On Thursday I got another one: the news that the festival had been cancelled, reportedly due to deep financial difficulties, and my $337 tickets were now worthless. I was not so stoked.

And then came the real moshpit kick-to-the-head: no refunds, probably.

Merry bloody Christmas.

Normally when an event gets cancelled for whatever reason, ticket holders can get an automatic refund from the place of purchase. Actually, they're entitled to - it's the law.

In this case however, both Soundwave's ticket agency Eventopia and the festival's promoter AJ Maddah are denying responsibility for refunds, each pointing the finger at the other.

At the heart of the disagreement appears to be a commercial arrangement gone sour between the two parties. In a post on its Facebook page, Eventopia claims it had a "ticketing sales agreement" with Maddah that makes him personally liable for refunds.

In a post on Twitter, Maddah claims Eventopia are "trying to get out of refunding fans and heaping it on (a) broke promoter via dirt tactics".

To music fans who have been dudded hundreds, even thousands of dollars just days out from Christmas - not to mention the many South Aussies who have already shelled out for flights and accommodation - it all just sounds like a lot of pathetic whining.

Call me old fashioned, but I thought taking someone's money in exchange for a service or product and then not ponying up was called "theft".

The way I see it, Eventopia took my money, so Eventopia are the ones who have to refund me, regardless of whatever agreement they had with Soundwave.

If I order a loaf of bread from the bakery and they fail to deliver it because of a problem with their flour supplier, I shouldn't have to email the flour mill to get my money back.

Not that Soundwave should be totally off the hook here; in the 48 hours since the festival's cancellation much news has come to light about its troubled financial situation over the past few years.
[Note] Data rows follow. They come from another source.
(* Let $f=Mh\in\mathbb C[U_1,\ldots,U_n]$, where $M$ is a monomial $U_1^{\alpha_1}\cdots U_n^{\alpha_n}$ and $h\in\mathbb C[U_1,\ldots,U_n]$ has nonzero constant term. Then there exists $m\ge1$ with $\mathcal L(f^m)\neq0$. (Equivalently: if $f$ is of this form with $\mathcal L(f^m)=0$ for all $m\ge 1$, then $f=0$, which is impossible; so no such $f$ exists.)
   Context: $\mathcal L:\mathbb C[U_1,\ldots,U_n]\to\mathbb C$ is the $\mathbb C$-linear map defined on monomials by $\mathcal L(U_1^{\ell_1}\cdots U_n^{\ell_n})=\ell_1!\cdots\ell_n!$. *)

From HB Require Import structures.
From mathcomp Require Import all_boot all_order all_algebra.
Set Implicit Arguments. Unset Strict Implicit. Unset Printing Implicit Defensive.
Import Order.TTheory GRing.Theory Num.Theory.
Local Open Scope ring_scope.

(* Multivariate polynomials in U_1..U_n over a coefficient ring R, represented
   as formal finite sums  sum_{(c,e) in p} c * U^e  (a list of terms).
   The polynomial ring is the quotient of such formal sums; all notions
   used below (product, power, constant term, L) are compatible with
   that quotient, so this representation is faithful. *)

Definition expo (n : nat) := {ffun 'I_n -> nat}.

Definition fpoly (R : Type) (n : nat) := seq (R * expo n).

Definition expo0 (n : nat) : expo n := [ffun => 0%N].
Definition expoD (n : nat) (a b : expo n) : expo n := [ffun i => (a i + b i)%N].

Definition fmul (R : nzRingType) (n : nat) (p q : fpoly R n) : fpoly R n :=
  [seq (a.1 * b.1, expoD a.2 b.2) | a <- p, b <- q].

Definition fone (R : nzRingType) (n : nat) : fpoly R n := [:: (1, expo0 n)].

Definition fexp (R : nzRingType) (n : nat) (p : fpoly R n) (m : nat) : fpoly R n :=
  iter m (fmul p) (fone R n).

Definition monomial_mul (R : nzRingType) (n : nat) (alpha : expo n) (p : fpoly R n)
  : fpoly R n := [seq (t.1, expoD alpha t.2) | t <- p].

Definition const_coef (R : nzRingType) (n : nat) (p : fpoly R n) : R :=
  \sum_(t <- p | t.2 == expo0 n) t.1.

(* the linear map L : U^l |-> l_1! ... l_n! *)
Definition Lmono (n : nat) (e : expo n) : nat := (\prod_(i < n) (e i)`!)%N.

Definition Lfun (R : nzRingType) (n : nat) (p : fpoly R n) : R :=
  \sum_(t <- p) t.1 * (Lmono t.2)%:R.

(* For a prime p, the Frobenius congruence (x + y)^p = x^p + y^p mod p in the
   subring G generated by the coefficients of h gives
   L(f^p) = L(M^p) (c^p + p z) with z in G, where c is the constant term of h:
   L(U^(p(alpha + e))) is a multiple of p L(U^(p alpha)) whenever e <> 0.
   So it suffices to find p such that c is not nilpotent in G / pG.  Over Z
   any prime above |c| works, and the property descends along the adjunction
   of each generator t to a subring S: for a nonzero d in S[t], some nonzero d'
   in S is nilpotent mod p whenever d is -- a leading coefficient of d if t is
   transcendental over S, and lead(P) times an element U(t) d of S, with P a
   minimal polynomial of t over S, if t is algebraic. *)

From Stdlib Require Import Classical.
From HB Require Import structures.
From mathcomp Require Import all_boot all_order all_algebra zify ring.
From mathcomp Require Import mpoly.
Import Order.TTheory GRing.Theory Num.Theory.
Local Open Scope ring_scope.
Set Implicit Arguments. Unset Strict Implicit. Unset Printing Implicit Defensive.

Section Subring.
Variable R : comNzRingType.

Record is_subring (S : R -> Prop) : Prop := IsSubring {
  subring0 : S 0;
  subring1 : S 1;
  subringD : forall x y, S x -> S y -> S (x + y);
  subringN : forall x, S x -> S (- x);
  subringM : forall x y, S x -> S y -> S (x * y) }.

Variable S : R -> Prop.
Hypothesis subS : is_subring S.

Lemma subring_sum I r (P : pred I) F : (forall i, P i -> S (F i)) ->
  S (\sum_(i <- r | P i) F i).
Proof. by move=> SF; apply: big_ind => //; [exact: subring0 | exact: subringD]. Qed.

Lemma subringMn x k : S x -> S (x *+ k).
Proof.
move=> Sx; elim: k => [|k IH]; first by rewrite mulr0n; exact: subring0.
by rewrite mulrS; apply: (subringD subS).
Qed.

Lemma subringX x k : S x -> S (x ^+ k).
Proof.
move=> Sx; elim: k => [|k IH]; first by rewrite expr0; exact: subring1.
by rewrite exprS; apply: (subringM subS).
Qed.

Lemma subring_nat k : S k%:R.
Proof. exact/subringMn/(subring1 subS). Qed.

Definition poly_over (P : {poly R}) := forall i, S P`_i.

Lemma poly_overC c : S c -> poly_over c%:P.
Proof. by move=> Sc i; rewrite coefC; case: eqP => // _; exact: subring0. Qed.

Lemma poly_over0 : poly_over 0.
Proof. exact/poly_overC/(subring0 subS). Qed.

Lemma poly_over1 : poly_over 1.
Proof. exact/poly_overC/(subring1 subS). Qed.

Lemma poly_overXn k : poly_over 'X^k.
Proof.
by move=> i; rewrite coefXn; case: eqP => _; [exact: subring1 | exact: subring0].
Qed.

Lemma poly_overX : poly_over 'X.
Proof. by rewrite -[X in poly_over X]expr1; apply: poly_overXn. Qed.

Lemma poly_overD P Q : poly_over P -> poly_over Q -> poly_over (P + Q).
Proof. by move=> SP SQ i; rewrite coefD; apply: (subringD subS). Qed.

Lemma poly_overN P : poly_over P -> poly_over (- P).
Proof. by move=> SP i; rewrite coefN; apply: (subringN subS). Qed.

Lemma poly_overB P Q : poly_over P -> poly_over Q -> poly_over (P - Q).
Proof. by move=> SP SQ; apply/poly_overD/poly_overN. Qed.

Lemma poly_overM P Q : poly_over P -> poly_over Q -> poly_over (P * Q).
Proof. by move=> SP SQ i; rewrite coefM; apply: subring_sum => j _; apply: (subringM subS). Qed.

Lemma poly_overZ c P : S c -> poly_over P -> poly_over (c *: P).
Proof. by move=> Sc SP i; rewrite coefZ; apply: (subringM subS). Qed.

Lemma poly_over_exp P k : poly_over P -> poly_over (P ^+ k).
Proof.
move=> SP; elim: k => [|k IH]; first exact: poly_over1.
by rewrite exprS; apply: poly_overM.
Qed.

Definition adjoin t x := exists2 P, poly_over P & x = P.[t].

Lemma is_subring_adjoin t : is_subring (adjoin t).
Proof.
split.
- by exists 0; [exact: poly_over0 | rewrite horner0].
- by exists 1; [exact: poly_over1 | rewrite hornerC].
- move=> _ _ [P SP ->] [Q SQ ->].
  by exists (P + Q); [exact: poly_overD | rewrite hornerD].
- by move=> _ [P SP ->]; exists (- P); [exact: poly_overN | rewrite hornerN].
- move=> _ _ [P SP ->] [Q SQ ->].
  by exists (P * Q); [exact: poly_overM | rewrite hornerM].
Qed.

Lemma adjoin_subring x t : S x -> adjoin t x.
Proof. by move=> Sx; exists x%:P; [exact: poly_overC | rewrite hornerC]. Qed.

Lemma adjoin_root t : adjoin t t.
Proof. by exists 'X; [exact: poly_overX | rewrite hornerX]. Qed.

End Subring.

Section PseudoDivision.
Variables (R : comNzRingType) (S : R -> Prop).
Hypothesis subS : is_subring S.

Lemma size_pdiv_step (A B : {poly R}) : B != 0 -> (size B <= size A)%N ->
  (size (lead_coef B *: A - (lead_coef A *: 'X^(size A - size B)) * B)%R < size A)%N.
Proof.
rewrite -size_poly_gt0 => sB leBA; have sA : (0 < size A)%N by apply: leq_trans leBA.
apply: (@leq_ltn_trans (size A).-1); last by rewrite prednK.
apply/leq_sizeP => i lei; rewrite coefB coefZ -scalerAl coefZ coefXnM.
have -> : (i < size A - size B)%N = false by apply/negbTE; rewrite -leqNgt; lia.
case: (ltngtP i (size A).-1) => [lti | gti | ->].
- by move: lei; rewrite leqNgt lti.
- rewrite nth_default; last by rewrite -(prednK sA).
  by rewrite (@nth_default _ _ B) ?mulr0 ?subrr //; lia.
- have -> : ((size A).-1 - (size A - size B))%N = (size B).-1 by lia.
  by rewrite -!lead_coefE mulrC subrr.
Qed.

Lemma poly_over_pdiv B A : poly_over S B -> B != 0 -> poly_over S A ->
  exists j M Q, [/\ poly_over S M, poly_over S Q, (size Q < size B)%N &
     lead_coef B ^+ j *: A = M * B + Q].
Proof.
move=> SB B0; elim: (size A).+1 {-2}A (ltnSn (size A)) => // N IH {}A sAN SA.
have [ltAB | leBA] := ltnP (size A) (size B).
  exists 0%N, 0, A; split => //; first exact: poly_over0.
  by rewrite expr0 scale1r mul0r add0r.
set k := (size A - size B)%N.
set A' := lead_coef B *: A - (lead_coef A *: 'X^k) * B.
have SA' : poly_over S A'.
  apply: poly_overB => //; first by apply: poly_overZ => //; exact: SB.
  by apply: poly_overM => //; apply: poly_overZ => //; [exact: SA | exact: poly_overXn].
have [j [M [Q [SM SQ sQ E]]]] := IH A' (leq_trans (size_pdiv_step B0 leBA) sAN) SA'.
exists j.+1, (M + (lead_coef B ^+ j * lead_coef A) *: 'X^k), Q; split => //.
  apply: poly_overD => //; apply: poly_overZ => //; last exact: poly_overXn.
  by apply: (subringM subS); [apply: (subringX subS); exact: SB | exact: SA].
rewrite exprSr -scalerA.
have -> : lead_coef B *: A = A' + (lead_coef A *: 'X^k) * B by rewrite /A' subrK.
by rewrite scalerDr E mulrDl -!scalerAl scalerA addrAC.
Qed.

End PseudoDivision.

Definition nilpotent_mod (R : comNzRingType) (S : R -> Prop) (p : nat) (d : R) :=
  exists k, exists2 z, S z & d ^+ k = p%:R * z.

Definition nilpotence_descends (R : comNzRingType) (S T : R -> Prop) (d : R) :=
  exists2 d', S d' /\ d' != 0 &
    forall p, nilpotent_mod T p d -> nilpotent_mod S p d'.

Section MinimalPolynomial.
Variables (K : idomainType) (S : K -> Prop) (t : K) (P : {poly K}).
Hypotheses (SP : poly_over S P) (P0 : P != 0) (Pt : P.[t] = 0).
Hypothesis P_min : forall Q, poly_over S Q -> Q != 0 -> Q.[t] = 0 ->
  (size P <= size Q)%N.

Lemma minpoly_root_eq0 Q : poly_over S Q -> Q.[t] = 0 -> (size Q < size P)%N ->
  Q = 0.
Proof.
move=> SQ Qt sQ; apply/eqP; apply: contraTT sQ => Q0.
by rewrite -leqNgt P_min.
Qed.

Lemma size_minpoly_gt1 : (1 < size P)%N.
Proof.
rewrite ltnNge; apply: contraTN P0 => /size1_polyC P_const.
by move: Pt; rewrite negbK P_const hornerC => ->.
Qed.

Lemma minpoly_rem_root_neq0 (c : K) (M Q Rm : {poly K}) : c != 0 -> poly_over S M ->
  poly_over S Rm -> (1 < size Q < size P)%N -> (size Rm < size Q)%N ->
  c *: P = M * Q + Rm -> Q.[t] != 0 -> Rm.[t] != 0.
Proof.
move=> c0 SM SRm /andP [sQ1 sQP] sRm E Qt; apply/eqP => Rmt.
have Rm0 : Rm = 0 by apply: minpoly_root_eq0 => //; apply: ltn_trans sRm sQP.
have M0 : M != 0.
  apply: contra_neq P0 => M0.
  have : c *: P == 0 by rewrite E M0 Rm0 mul0r addr0.
  by rewrite scale_poly_eq0 (negbTE c0) => /eqP.
have sM : (size M < size P)%N.
  have : size (c *: P) = size (M * Q) by rewrite E Rm0 addr0.
  rewrite size_scale // size_mul //; last by rewrite -size_poly_gt0 (ltn_trans _ sQ1).
  by move=> ->; lia.
have Mt : M.[t] = 0.
  have : M.[t] * Q.[t] = 0 by rewrite -hornerM -[M * Q]addr0 -Rm0 -E hornerZ Pt mulr0.
  by move/eqP; rewrite mulf_eq0 (negbTE Qt) orbF => /eqP.
by move: M0; rewrite (minpoly_root_eq0 SM Mt sM) eqxx.
Qed.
It had long been one of the biggest events on the Australian music calendar, but according to news reports out Thursday night Soundwave had been in financial trouble for some time, with claims it owed up to $2.1 million each to various bands from the 2015 line-up including Soundgarden, Smashing Pumpkins, Marilyn Manson and Slipknot.

Of all the bands to owe money to you'd think you'd want to steer clear of the ones in spiked horror masks who write lyrics like "I will rip you apart, I'll reach in and take a bite out of that s**t you call a heart", but perhaps that's reflective of just how desperate things were.

Meanwhile, all of this information is hardly helpful to punters like me who bought their tickets in the last few months as Christmas presents.

I mean, thanks to the journalists who finally dug up all those financial documents but to quote Adam Sandler in "The Wedding Singer": this is information that could have been brought to my attention YESTERDAY. Or last month, when I bought tickets to an event that was apparently never going to happen.

Soundwave is the latest in a recent conga line of Aussie music festivals to kick the bucket, including the Big Day Out and Future Music. Others such as Stereosonic have been plagued with drug and safety issues. Clearly the organisers of these national events need to get their acts together on many fronts.

To borrow a line from Public Enemy, a band I had really hoped to see in five weeks' time: I guess I shouldn't have believed the hype.